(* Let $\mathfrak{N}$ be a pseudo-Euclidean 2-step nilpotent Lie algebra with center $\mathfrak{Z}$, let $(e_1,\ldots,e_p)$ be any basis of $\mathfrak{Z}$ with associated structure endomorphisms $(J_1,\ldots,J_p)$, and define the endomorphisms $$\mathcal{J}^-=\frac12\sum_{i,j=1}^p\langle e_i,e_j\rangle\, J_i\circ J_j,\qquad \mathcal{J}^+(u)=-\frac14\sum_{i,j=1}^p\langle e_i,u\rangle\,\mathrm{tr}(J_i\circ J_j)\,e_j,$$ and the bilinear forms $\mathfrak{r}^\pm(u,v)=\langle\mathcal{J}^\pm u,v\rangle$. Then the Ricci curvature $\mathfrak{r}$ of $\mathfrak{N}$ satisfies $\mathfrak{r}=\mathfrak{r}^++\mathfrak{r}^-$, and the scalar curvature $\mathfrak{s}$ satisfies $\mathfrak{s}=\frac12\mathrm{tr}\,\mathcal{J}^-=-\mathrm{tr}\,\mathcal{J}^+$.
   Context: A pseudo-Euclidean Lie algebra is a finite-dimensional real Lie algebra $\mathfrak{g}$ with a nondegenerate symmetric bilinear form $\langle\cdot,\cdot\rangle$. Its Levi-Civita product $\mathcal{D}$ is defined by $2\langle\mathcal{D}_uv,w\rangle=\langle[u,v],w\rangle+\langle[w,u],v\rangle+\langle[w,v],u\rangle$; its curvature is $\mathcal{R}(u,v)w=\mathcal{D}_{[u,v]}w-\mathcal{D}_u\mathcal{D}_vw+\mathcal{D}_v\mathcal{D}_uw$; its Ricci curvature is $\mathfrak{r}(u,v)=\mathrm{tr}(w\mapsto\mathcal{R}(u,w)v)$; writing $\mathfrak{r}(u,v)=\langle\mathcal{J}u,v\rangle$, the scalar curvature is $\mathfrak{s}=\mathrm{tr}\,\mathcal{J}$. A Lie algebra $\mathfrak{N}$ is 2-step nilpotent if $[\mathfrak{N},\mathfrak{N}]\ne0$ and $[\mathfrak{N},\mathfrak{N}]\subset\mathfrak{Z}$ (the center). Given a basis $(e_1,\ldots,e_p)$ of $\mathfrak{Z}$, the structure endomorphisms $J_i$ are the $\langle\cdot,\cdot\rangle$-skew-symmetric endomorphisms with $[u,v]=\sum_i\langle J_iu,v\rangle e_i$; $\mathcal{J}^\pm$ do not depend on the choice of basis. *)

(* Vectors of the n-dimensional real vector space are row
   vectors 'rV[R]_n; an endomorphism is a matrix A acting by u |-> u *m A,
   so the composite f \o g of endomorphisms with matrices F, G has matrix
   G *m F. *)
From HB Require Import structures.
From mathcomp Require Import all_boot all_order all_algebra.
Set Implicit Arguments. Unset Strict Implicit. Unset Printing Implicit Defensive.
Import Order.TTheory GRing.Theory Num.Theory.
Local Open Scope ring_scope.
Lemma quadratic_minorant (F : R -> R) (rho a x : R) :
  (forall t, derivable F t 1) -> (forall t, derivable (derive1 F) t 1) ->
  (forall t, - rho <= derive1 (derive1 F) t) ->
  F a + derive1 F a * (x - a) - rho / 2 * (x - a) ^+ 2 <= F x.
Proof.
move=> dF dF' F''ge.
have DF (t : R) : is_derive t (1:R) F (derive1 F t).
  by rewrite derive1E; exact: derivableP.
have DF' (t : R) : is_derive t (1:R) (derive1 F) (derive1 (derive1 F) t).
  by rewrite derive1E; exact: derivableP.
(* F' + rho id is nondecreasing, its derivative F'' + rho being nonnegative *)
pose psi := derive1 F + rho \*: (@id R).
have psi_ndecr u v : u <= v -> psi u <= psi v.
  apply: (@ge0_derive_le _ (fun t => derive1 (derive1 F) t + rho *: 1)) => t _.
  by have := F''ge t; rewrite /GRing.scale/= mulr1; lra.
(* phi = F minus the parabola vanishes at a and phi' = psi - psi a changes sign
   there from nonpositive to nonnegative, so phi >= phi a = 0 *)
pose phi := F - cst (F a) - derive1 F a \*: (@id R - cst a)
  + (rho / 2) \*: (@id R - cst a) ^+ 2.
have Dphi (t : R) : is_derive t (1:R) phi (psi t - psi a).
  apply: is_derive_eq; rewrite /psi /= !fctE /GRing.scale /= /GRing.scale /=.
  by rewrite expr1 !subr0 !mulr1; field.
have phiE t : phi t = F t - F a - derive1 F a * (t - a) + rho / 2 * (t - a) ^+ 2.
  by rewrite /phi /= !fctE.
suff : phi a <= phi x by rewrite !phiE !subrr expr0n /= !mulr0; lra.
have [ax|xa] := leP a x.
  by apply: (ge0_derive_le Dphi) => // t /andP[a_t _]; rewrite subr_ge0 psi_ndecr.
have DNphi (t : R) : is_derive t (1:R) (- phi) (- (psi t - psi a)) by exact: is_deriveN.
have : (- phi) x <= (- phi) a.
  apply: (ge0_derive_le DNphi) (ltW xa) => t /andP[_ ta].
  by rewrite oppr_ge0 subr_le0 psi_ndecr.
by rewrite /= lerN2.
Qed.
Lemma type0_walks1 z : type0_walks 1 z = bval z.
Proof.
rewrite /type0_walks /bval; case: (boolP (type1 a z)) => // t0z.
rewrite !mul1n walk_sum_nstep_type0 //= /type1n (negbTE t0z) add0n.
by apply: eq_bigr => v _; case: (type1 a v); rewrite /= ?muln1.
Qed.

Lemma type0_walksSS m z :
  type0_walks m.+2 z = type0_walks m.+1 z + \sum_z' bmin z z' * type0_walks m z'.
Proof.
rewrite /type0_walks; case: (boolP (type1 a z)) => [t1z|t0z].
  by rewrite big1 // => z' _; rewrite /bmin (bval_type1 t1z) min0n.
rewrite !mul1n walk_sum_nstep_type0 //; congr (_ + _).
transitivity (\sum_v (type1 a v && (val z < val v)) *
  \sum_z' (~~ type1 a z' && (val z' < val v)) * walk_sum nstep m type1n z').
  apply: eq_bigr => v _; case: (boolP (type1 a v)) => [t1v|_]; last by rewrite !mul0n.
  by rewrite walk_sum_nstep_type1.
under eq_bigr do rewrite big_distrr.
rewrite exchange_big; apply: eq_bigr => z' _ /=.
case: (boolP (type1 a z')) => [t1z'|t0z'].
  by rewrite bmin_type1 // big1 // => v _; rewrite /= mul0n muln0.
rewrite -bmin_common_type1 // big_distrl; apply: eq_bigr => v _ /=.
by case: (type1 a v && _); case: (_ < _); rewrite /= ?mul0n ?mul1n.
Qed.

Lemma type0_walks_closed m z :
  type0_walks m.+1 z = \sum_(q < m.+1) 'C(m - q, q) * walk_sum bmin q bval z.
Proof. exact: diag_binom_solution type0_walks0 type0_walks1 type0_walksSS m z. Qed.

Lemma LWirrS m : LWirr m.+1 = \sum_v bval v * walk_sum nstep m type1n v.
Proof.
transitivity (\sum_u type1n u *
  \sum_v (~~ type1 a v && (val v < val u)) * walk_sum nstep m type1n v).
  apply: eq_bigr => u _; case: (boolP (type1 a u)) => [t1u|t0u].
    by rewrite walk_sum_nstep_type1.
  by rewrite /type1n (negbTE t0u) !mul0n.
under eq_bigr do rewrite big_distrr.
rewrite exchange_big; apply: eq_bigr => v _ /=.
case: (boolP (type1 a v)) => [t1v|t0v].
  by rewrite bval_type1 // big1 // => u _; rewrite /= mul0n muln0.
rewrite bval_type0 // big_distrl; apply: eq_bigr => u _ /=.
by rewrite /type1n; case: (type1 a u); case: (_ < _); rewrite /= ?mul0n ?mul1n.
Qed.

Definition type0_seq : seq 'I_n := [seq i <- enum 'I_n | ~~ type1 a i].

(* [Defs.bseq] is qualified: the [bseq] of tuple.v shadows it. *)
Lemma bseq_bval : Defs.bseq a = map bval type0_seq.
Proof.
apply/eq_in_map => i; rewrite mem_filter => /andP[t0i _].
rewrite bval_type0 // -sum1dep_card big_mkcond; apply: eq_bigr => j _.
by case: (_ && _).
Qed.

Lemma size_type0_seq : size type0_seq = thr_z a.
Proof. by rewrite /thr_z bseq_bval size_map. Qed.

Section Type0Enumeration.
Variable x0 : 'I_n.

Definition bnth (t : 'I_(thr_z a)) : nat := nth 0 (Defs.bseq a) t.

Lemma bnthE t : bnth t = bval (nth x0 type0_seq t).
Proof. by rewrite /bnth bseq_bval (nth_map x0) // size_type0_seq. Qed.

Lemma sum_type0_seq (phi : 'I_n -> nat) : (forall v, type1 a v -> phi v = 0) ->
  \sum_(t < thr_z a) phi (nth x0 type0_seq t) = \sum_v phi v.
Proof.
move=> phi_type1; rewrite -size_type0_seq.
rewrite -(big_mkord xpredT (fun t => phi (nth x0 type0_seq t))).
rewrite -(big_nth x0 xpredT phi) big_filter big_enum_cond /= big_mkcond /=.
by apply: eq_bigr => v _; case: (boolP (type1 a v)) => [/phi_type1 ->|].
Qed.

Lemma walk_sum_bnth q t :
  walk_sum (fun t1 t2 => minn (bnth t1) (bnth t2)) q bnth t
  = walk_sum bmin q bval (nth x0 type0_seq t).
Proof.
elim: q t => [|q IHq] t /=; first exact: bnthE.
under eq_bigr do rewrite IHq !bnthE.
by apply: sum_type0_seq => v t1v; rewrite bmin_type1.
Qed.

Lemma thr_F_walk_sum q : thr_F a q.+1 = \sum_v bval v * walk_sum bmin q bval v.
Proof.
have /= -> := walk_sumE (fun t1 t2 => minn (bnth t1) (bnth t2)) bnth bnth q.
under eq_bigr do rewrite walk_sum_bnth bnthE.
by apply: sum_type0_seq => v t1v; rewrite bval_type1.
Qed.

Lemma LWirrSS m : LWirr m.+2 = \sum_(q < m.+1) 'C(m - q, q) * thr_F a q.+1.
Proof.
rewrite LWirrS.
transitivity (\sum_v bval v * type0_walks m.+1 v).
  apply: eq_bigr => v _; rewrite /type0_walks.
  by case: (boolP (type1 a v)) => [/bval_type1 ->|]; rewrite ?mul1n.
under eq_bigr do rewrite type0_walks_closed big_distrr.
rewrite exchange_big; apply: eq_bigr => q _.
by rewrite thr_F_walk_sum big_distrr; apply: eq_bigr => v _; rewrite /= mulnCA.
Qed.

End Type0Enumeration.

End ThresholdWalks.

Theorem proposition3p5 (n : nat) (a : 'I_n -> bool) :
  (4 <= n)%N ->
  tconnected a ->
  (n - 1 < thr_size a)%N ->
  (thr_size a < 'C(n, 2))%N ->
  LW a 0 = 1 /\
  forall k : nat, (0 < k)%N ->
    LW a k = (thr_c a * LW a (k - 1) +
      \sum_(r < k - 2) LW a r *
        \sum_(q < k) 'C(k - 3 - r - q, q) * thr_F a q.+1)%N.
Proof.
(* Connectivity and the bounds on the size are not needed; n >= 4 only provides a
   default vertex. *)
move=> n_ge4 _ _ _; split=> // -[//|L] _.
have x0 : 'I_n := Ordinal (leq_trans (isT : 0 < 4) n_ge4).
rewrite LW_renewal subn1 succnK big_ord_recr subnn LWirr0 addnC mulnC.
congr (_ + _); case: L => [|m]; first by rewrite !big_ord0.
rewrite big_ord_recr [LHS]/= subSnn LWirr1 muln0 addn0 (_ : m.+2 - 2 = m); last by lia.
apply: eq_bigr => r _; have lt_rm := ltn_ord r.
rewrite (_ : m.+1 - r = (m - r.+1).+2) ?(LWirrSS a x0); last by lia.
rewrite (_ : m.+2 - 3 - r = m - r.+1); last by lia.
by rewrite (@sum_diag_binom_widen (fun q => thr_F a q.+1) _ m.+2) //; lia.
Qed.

*Problem statement*.
Sift the material for lines that include the word "negbTE", and copy each one.

*Final answer*.
rewrite !mul1n walk_sum_nstep_type0 //= /type1n (negbTE t0z) add0n.
  by rewrite /type1n (negbTE t0u) !mul0n.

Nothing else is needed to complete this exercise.